И вот вы снова в одиночестве в своей комнатенке, за окном которой, составленном из двух раздвигающихся половинок в алюминиевой раме, видны такие же здания — нагромождения клеточек, во всем похожих на вашу; такая уж это заикающаяся архитектура, замусолившая избитый мотивчик, стишок из одной и той же жалкой строчки, повторенной тысячу раз. Когда товарищ ушел, вы спрашиваете себя, не упущена ли вами хорошая возможность, не надо ли вместо того, чтобы подозревать во всех и каждом шпионов, вбить себе в голову, что существует бескорыстная дружба, когда едут через весь город, дважды пересаживаясь с автобуса на автобус, просто для того, чтобы узнать, как у вас дела, светло и звучно выпалить: «Что новенького?» — а в ответ, быть может, получить, что, дескать, и так и сяк, но главное: «Я рад тебя видеть, к тому же, и сам собирался навестить тебя».

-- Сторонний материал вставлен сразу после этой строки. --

(* Consider a generalized Nash equilibrium problem with $N$ players in which the $i$th player, given $x_{-i}$, solves $\min_{x_i\in\mathbb{R}^{n_i}} f_i(x_i,x_{-i})$ subject to $g_i(x_i,x_{-i})\ge 0$, where $f_i$ and the components of $g_i$ are real polynomials in $x=(x_1,\dots,x_N)\in\mathbb{R}^n$. Suppose that there exists a nonempty closed set $X\subseteq\mathbb{R}^n$ and closed sets $D_i\subseteq\mathbb{R}^{n_i}$ with $(D_1\times\cdots\times D_N)\cap X\neq\emptyset$ such that $X_i(x_{-i})=\{x_i\in D_i:(x_i,x_{-i})\in X\}$ for all players $i$ and all $x_{-i}$. For each $i$ let \[ K_i=\{(x_i,y_i,x_{-i})\in\mathbb{R}^{n_i}\times\mathbb{R}^{n_i}\times\mathbb{R}^{n-n_i}:\ x_i,y_i\in X_i(x_{-i}),\ f_i(y_i,x_{-i})-f_i(x_i,x_{-i})\ge 0\}, \] and write $\triangle P_i=P(y_i,x_{-i})-P(x_i,x_{-i})$, $\triangle f_i=f_i(y_i,x_{-i})-f_i(x_i,x_{-i})$. If there exist polynomials $P\in\mathbb{R}[x]$ and $p_{i,0},p_{i,1}\in\mathbb{R}[x_i,y_i,x_{-i}]$ ($i=1,\dots,N$) such that $p_{i,0}\ge 0$ and $p_{i,1}\ge 0$ on $K_i$ and \[ \triangle P_i=(p_{i,0}+1)\,\triangle f_i+p_{i,1} \] (as an identity) for all $i$, then the problem is a generalized potential game.
   Context: Notation: $x_{-i}=(x_1,\dots,x_{i-1},x_{i+1},\dots,x_N)$, $(y_i,x_{-i})$ is the point whose $i$th block is $y_i$ and other blocks are $x_{-i}$, and $X_i(x_{-i})=\{x_i: g_i(x_i,x_{-i})\ge 0\}$ is player $i$'s feasible set. Definition: the problem is a generalized potential game (GPG) if (i) there is a nonempty closed set $X\subseteq\mathbb{R}^n$ and closed sets $D_i\subseteq\mathbb{R}^{n_i}$ with $(D_1\times\cdots\times D_N)\cap X\ne\emptyset$ such that $X_i(x_{-i})=\{x_i\in D_i:(x_i,x_{-i})\in X\}$ for all players; and (ii) there exist a continuous function $P:\mathbb{R}^n\to\mathbb{R}$ and a forcing function $\sigma:\mathbb{R}_+\to\mathbb{R}_+$ (i.e., $\lim_k\sigma(t_k)=0$ implies $\lim_k t_k=0$) such that for all $i$, all $x_{-i}$ and all $y_i,x_i\in X_i(x_{-i})$: if $f_i(y_i,x_{-i})-f_i(x_i,x_{-i})>0$ then $P(y_i,x_{-i})-P(x_i,x_{-i})\ge\sigma\big(f_i(y_i,x_{-i})-f_i(x_i,x_{-i})\big)$. *)

From HB Require Import structures.
From mathcomp Require Import all_boot all_order all_algebra.
From mathcomp Require Import all_classical all_reals all_analysis.
From mathcomp Require mpoly.

Set Implicit Arguments.
Unset Strict Implicit.
Unset Printing Implicit Defensive.

Import Order.TTheory GRing.Theory Num.Theory.
Import numFieldNormedType.Exports.
Local Open Scope classical_set_scope.
Local Open Scope ring_scope.

(* The joint strategy x = (x_1,...,x_N) lives in R^n, n = \sum_i nn i,
   represented as the block row vector 'rV_(\sum_i nn i) = \mxrow_i x_i. *)

Definition blk (R : Type) (N : nat) (nn : 'I_N -> nat)
  (x : 'rV[R]_(\sum_i nn i)) (i : 'I_N) : 'rV[R]_(nn i) := submxrow x i.

(* (y_i, x_{-i}) : the point whose i-th block is y_i and other blocks are those of x *)
Definition upd (R : Type) (N : nat) (nn : 'I_N -> nat)
  (x : 'rV[R]_(\sum_i nn i)) (i : 'I_N) (y : 'rV[R]_(nn i)) : 'rV[R]_(\sum_i nn i) :=
  \mxrow_j (match i =P j with
            | ReflectT e => castmx (erefl, congr1 nn e) y
            | ReflectF _ => submxrow x j end).

Definition peval (R : realType) (m : nat) (p : mpoly.mpoly m R) (v : 'rV[R]_m) : R :=
  mpoly.meval (fun k => v ord0 k) p.

(* forcing function sigma : R_+ -> R_+ (represented on R, values on R_+ matter) *)
Definition forcing (R : realType) (sigma : R -> R) : Prop :=
  (forall t, 0 <= t -> 0 <= sigma t) /\
  (forall t_ : nat -> R, (forall k, 0 <= t_ k) ->
     (fun k => sigma (t_ k)) @ \oo --> (0 : R) -> t_ @ \oo --> (0 : R)).

(* Generalized potential game, for objective functions f_i : R^n -> R and
   feasible-set maps Xf i x = X_i(x_{-i}) (a subset of R^{n_i}; it depends
   only on the blocks of x other than i). *)
Definition GPG (R : realType) (N : nat) (nn : 'I_N -> nat)
  (f : 'I_N -> 'rV[R]_(\sum_i nn i) -> R)
  (Xf : forall i : 'I_N, 'rV[R]_(\sum_i nn i) -> set 'rV[R]_(nn i)) : Prop :=
  (exists (X : set 'rV[R]_(\sum_i nn i)) (D : forall i : 'I_N, set 'rV[R]_(nn i)),
     [/\ X !=set0, closed X, (forall i, closed (D i)),
         (exists x, X x /\ forall i, D i (blk x i)) &
         (forall i x yi, Xf i x yi <-> D i yi /\ X (upd x yi))]) /\
  (exists (P : 'rV[R]_(\sum_i nn i) -> R) (sigma : R -> R),
     [/\ continuous P, forcing sigma &
         forall i x (yi xi : 'rV[R]_(nn i)), Xf i x yi -> Xf i x xi ->
           f i (upd x yi) - f i (upd x xi) > 0 ->
           P (upd x yi) - P (upd x xi) >= sigma (f i (upd x yi) - f i (upd x xi))]).

From HB Require Import structures.
From mathcomp Require Import all_boot all_order all_algebra.
From mathcomp Require Import all_classical all_reals all_analysis.
From mathcomp Require mpoly.
From mathcomp Require Import lra.
Import Order.TTheory GRing.Theory Num.Theory.
Import numFieldNormedType.Exports.
Local Open Scope classical_set_scope.
Local Open Scope ring_scope.

(* Take the polynomial P itself as the potential and the identity as forcing
   function.  To compare two feasible strategies x_i, y_i of player i against
   x_{-i}, evaluate the certificate at the point x' = (x_i, x_{-i}): there
   dP = (p0 + 1) df + p1 with p0, p1 >= 0 whenever df >= 0, hence dP >= df. *)

Lemma blk_upd (R : Type) (N : nat) (nn : 'I_N -> nat)
  (x : 'rV[R]_(\sum_i nn i)) (i : 'I_N) (y : 'rV[R]_(nn i)) :
  blk (upd x y) i = y.
Proof.
rewrite /blk /upd mxrowK; case: (i =P i) => // e.
by rewrite (eq_irrelevance e erefl) castmx_id.
Qed.

Lemma upd_upd (R : Type) (N : nat) (nn : 'I_N -> nat)
  (x : 'rV[R]_(\sum_i nn i)) (i : 'I_N) (y z : 'rV[R]_(nn i)) :
  upd (upd x z) y = upd x y.
Proof.
rewrite /upd; apply: eq_mxrow => j; case: (i =P j) => // ne.
by rewrite mxrowK; case: (i =P j).
Qed.

Section ContinuousBig.
Variables (R : numFieldType) (T : topologicalType) (I : Type).
Variables (s : seq I) (F : I -> T -> R) (x : T).
Hypothesis F_cont : forall i, {for x, continuous (F i)}.

Lemma sum_continuous : {for x, continuous (fun v => \sum_(i <- s) F i v)}.
Proof.
rewrite -fct_sumE; apply: (big_ind (fun h : T -> R => {for x, continuous h})).
- exact: cst_continuous.
- by move=> g h; apply: continuousD.
- by move=> i _; apply: F_cont.
Qed.

Lemma prod_continuous : {for x, continuous (fun v => \prod_(i <- s) F i v)}.
Proof.
rewrite -fct_prodE; apply: (big_ind (fun h : T -> R => {for x, continuous h})).
- exact: cst_continuous.
- by move=> g h; apply: continuousM.
- by move=> i _; apply: F_cont.
Qed.

End ContinuousBig.

Lemma peval_continuous (R : realType) (n : nat) (p : mpoly.mpoly n R) :
  continuous (peval p).
Proof.
move=> v; rewrite /peval; under eq_fun do rewrite mpoly.mevalE.
apply: sum_continuous => m.
apply: (continuousM (s := fun=> mpoly.mcoeff m p)); first exact: cst_continuous.
apply: prod_continuous => i.
apply: (@continuous_comp _ _ _ (fun w : 'rV[R]_n => w ord0 i) (fun r => r ^+ _)).
  exact: coord_continuous.
exact: exprn_continuous.
Qed.

(* The polynomials p_{i,0}, p_{i,1} are in the variables (x, y_i) = (x_i, x_{-i}, y_i),
   i.e. they live in R[n + n_i] and are evaluated at row_mx x y_i. *)
Theorem lemma4p5 (R : realType) (N : nat) (nn : 'I_N -> nat) (m : 'I_N -> nat)
  (f : forall i : 'I_N, mpoly.mpoly (\sum_j nn j) R)
  (g : forall i : 'I_N, 'I_(m i) -> mpoly.mpoly (\sum_j nn j) R)
  (X : set 'rV[R]_(\sum_j nn j)) (D : forall i : 'I_N, set 'rV[R]_(nn i))
  (P : mpoly.mpoly (\sum_j nn j) R)
  (p0 p1 : forall i : 'I_N, mpoly.mpoly (\sum_j nn j + nn i) R) :
  let Xf := fun i (x : 'rV[R]_(\sum_j nn j)) =>
    [set yi : 'rV[R]_(nn i) | forall k, 0 <= peval (g i k) (upd x yi)] in
  X !=set0 -> closed X -> (forall i, closed (D i)) ->
  (exists x, X x /\ forall i, D i (blk x i)) ->
  (forall i x yi, Xf i x yi <-> D i yi /\ X (upd x yi)) ->
  (forall i (x : 'rV[R]_(\sum_j nn j)) (yi : 'rV[R]_(nn i)),
     Xf i x (blk x i) -> Xf i x yi ->
     peval (f i) (upd x yi) - peval (f i) x >= 0 ->
     0 <= peval (p0 i) (row_mx x yi) /\ 0 <= peval (p1 i) (row_mx x yi)) ->
  (forall i (x : 'rV[R]_(\sum_j nn j)) (yi : 'rV[R]_(nn i)),
     peval P (upd x yi) - peval P x =
       (peval (p0 i) (row_mx x yi) + 1) * (peval (f i) (upd x yi) - peval (f i) x)
       + peval (p1 i) (row_mx x yi)) ->
  GPG (fun i x => peval (f i) x) Xf.
Proof.
move=> Xf X_neq0 X_closed D_closed X_meets_D Xf_decomp p_ge0 P_certificate.
split; first by exists X, D.
exists (peval P), id; split; [exact: peval_continuous | by split |].
move=> i x yi xi Xf_yi Xf_xi df_gt0 /=.
set x' := upd x xi.
have Xf_x' z : Xf i x' z = Xf i x z by rewrite /Xf /x' /= upd_upd.
have x'_yi : upd x' yi = upd x yi by rewrite upd_upd.
have [p0_ge0 p1_ge0] : 0 <= peval (p0 i) (row_mx x' yi) /\
                       0 <= peval (p1 i) (row_mx x' yi).
  apply: p_ge0; rewrite ?blk_upd ?Xf_x' ?x'_yi //; exact: ltW.
move: (P_certificate i x' yi) df_gt0 p0_ge0 p1_ge0; rewrite x'_yi => ->.
set df := _ - _; set a := peval _ _; set b := peval _ _ => df_gt0 a_ge0 b_ge0.
nra.
Qed.
(* Let $V$ be a locally convex topological real vector space, $C$ a cone in $V$ and $X$ a convex subset of $V$. (1) If $X$ is $C$-upward, then $\operatorname{qri}(X)$ is $C$-upward. (2) If $X$ is $C$-downward, then $\operatorname{qri}(X)$ is $C$-downward.
   Context: A cone in $V$ is a subset $C$ with $\lambda C\subseteq C$ for all $\lambda>0$ (possibly empty, need not contain $0$). $S$ is $C$-upward iff $S+C\subseteq S$; $C$-downward iff $S-C\subseteq S$. For a convex $Z\subseteq V$, with $\operatorname{cone}(A)=\{\lambda a:\lambda\ge0,a\in A\}$, the quasi-relative interior is $\operatorname{qri}(Z)=\{z\in Z:\operatorname{cl}(\operatorname{cone}(Z-z))\text{ is a linear subspace of }V\}$. *)

From HB Require Import structures.
From mathcomp Require Import all_boot all_order all_algebra.
From mathcomp Require Import all_classical all_reals all_analysis.
Set Implicit Arguments. Unset Strict Implicit. Unset Printing Implicit Defensive.
Import Order.TTheory GRing.Theory Num.Theory.
Local Open Scope classical_set_scope.
Local Open Scope ring_scope.

(* A cone: lambda C ⊆ C for all lambda > 0 (may be empty, need not contain 0). *)
Definition is_cone (R : realType) (V : lmodType R) (C : set V) : Prop :=
  forall (l : R) (c : V), 0 < l -> C c -> C (l *: c).

Definition upward (R : realType) (V : lmodType R) (C S : set V) : Prop :=
  forall s c, S s -> C c -> S (s + c).

Definition downward (R : realType) (V : lmodType R) (C S : set V) : Prop :=
  forall s c, S s -> C c -> S (s - c).

Definition cone_hull (R : realType) (V : lmodType R) (A : set V) : set V :=
  [set x | exists l : R, exists2 a, A a & 0 <= l /\ x = l *: a].

Definition is_subspace (R : realType) (V : lmodType R) (S : set V) : Prop :=
  S 0 /\ (forall x y, S x -> S y -> S (x + y)) /\
  (forall (a : R) x, S x -> S (a *: x)).

Definition translate_set (R : realType) (V : lmodType R) (Z : set V) (z : V) : set V :=
  [set x | exists2 w, Z w & x = w - z].

Definition qri (R : realType) (V : tvsType R) (Z : set V) : set V :=
  [set z | Z z /\ is_subspace (closure (cone_hull (translate_set Z z)))].

From HB Require Import structures.
From mathcomp Require Import all_boot all_order all_algebra.
From mathcomp Require Import all_classical all_reals all_analysis.
Import GRing.Theory.
Local Open Scope classical_set_scope.
Local Open Scope ring_scope.

(* If [X + d ⊆ X] and [z ∈ qri X], then [X - z ⊆ X - (z + d)], while the closed
   subspace [L = cl cone(X - z)] contains [d] and hence [X - (z + d) = (X - z) - d].
   So [cl cone(X - (z + d)) = L] and [z + d ∈ qri X]. Upward (resp. downward)
   sets are stable under every such shift [d = c] (resp. [d = -c]) with [c ∈ C]. *)

Section SubspaceFacts.
Variables (R : realType) (V : lmodType R) (L : set V).
Hypothesis subL : is_subspace L.

Lemma subspaceB (x y : V) : L x -> L y -> L (x - y).
Proof.
case: subL => _ [addL scaleL] Lx Ly.
by rewrite -scaleN1r; apply: addL => //; apply: scaleL.
Qed.

Lemma cone_hull_sub_subspace (A : set V) : A `<=` L -> cone_hull A `<=` L.
Proof. by case: subL => _ [_ scaleL] AL _ [l [a Aa [_ ->]]]; apply/scaleL/AL. Qed.

End SubspaceFacts.

Section ClosedConeHull.
Variables (R : realType) (V : tvsType R).

Lemma sub_closure_cone_hull (A : set V) : A `<=` closure (cone_hull A).
Proof. by move=> a Aa; apply: subset_closure; exists 1; exists a; rewrite ?scale1r. Qed.

Lemma closure_cone_hullS (A B : set V) :
  A `<=` B -> closure (cone_hull A) `<=` closure (cone_hull B).
Proof.
move=> AB; apply: closureS => _ [l [a Aa [l0 ->]]].
by exists l; exists a; first exact: AB.
Qed.

Lemma closure_cone_hull_sub_subspace (A L : set V) :
  closed L -> is_subspace L -> A `<=` L -> closure (cone_hull A) `<=` L.
Proof.
move=> clL subL AL; rewrite [X in _ `<=` X](closure_id L).1 //.
by apply: closureS; apply: cone_hull_sub_subspace.
Qed.

End ClosedConeHull.

Lemma translate_set_shift (R : realType) (V : lmodType R) (X : set V) (z d : V) :
  (forall w, X w -> X (w + d)) -> translate_set X z `<=` translate_set X (z + d).
Proof.
move=> Xd _ [w Xw ->]; exists (w + d); first exact: Xd.
by rewrite opprD addrACA subrr addr0.
Qed.

Lemma qri_shift (R : realType) (V : tvsType R) (X : set V) (z d : V) :
  (forall w, X w -> X (w + d)) -> qri X z -> qri X (z + d).
Proof.
move=> Xd [Xz subL]; split; first exact: Xd.
set L := closure (cone_hull (translate_set X z)) in subL *.
have XL : translate_set X z `<=` L by apply: sub_closure_cone_hull.
suff -> : closure (cone_hull (translate_set X (z + d))) = L by [].
apply/seteqP; split; last exact/closure_cone_hullS/translate_set_shift.
apply: closure_cone_hull_sub_subspace => //; first exact: closed_closure.
move=> _ [w Xw ->]; rewrite opprD addrA; apply: (@subspaceB R V L subL).
  by apply: XL; exists w.
by apply: XL; exists (z + d); [exact: Xd | rewrite addrC addKr].
Qed.

Theorem lemma8 (R : realType) (V : tvsType R) (C X : set V) :
  is_cone C -> convex_set (X : set (convex_lmodType V)) ->
  (upward C X -> upward C (qri X)) /\
  (downward C X -> downward C (qri X)).
Proof.
move=> _ _; split.
- move=> up s c qXs Cc; apply: (@qri_shift R V X s c) qXs => w Xw; exact: up.
- move=> down s c qXs Cc; apply: (@qri_shift R V X s (- c)) qXs => w Xw.
  exact: down.
Qed.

Ведь, кажется, так и поступают, не играя в прятки, без задних мыслей. Вот почему вы чувствуете себя не в состоянии совершать самые обыкновенные поступки, завидуя молодым ребятам, которые встречаются, пьют, смеются, целуются, путешествуют, ссорятся, мирятся. Напрасно вы притворяетесь, будто исполнены к ним презрения, смотрите на них с миной превосходства, не понимая, что привлекательного в таком образе существования, на самом деле вы много бы дали, чтобы к ним присоединиться, потому что в этом возрасте совершенно нормальным представляется именно это, а не сиднем сидеть в своем углу над вязью фраз, рифмуя обрывки песен, или корчиться над каким-нибудь модным музыкальным инструментом и грезить при этом о грядущей насыщенной жизни, когда вам будет дано насладиться тихой переменой обстоятельств (последние станут первыми) и ваше имя западет в сердце всех и каждого.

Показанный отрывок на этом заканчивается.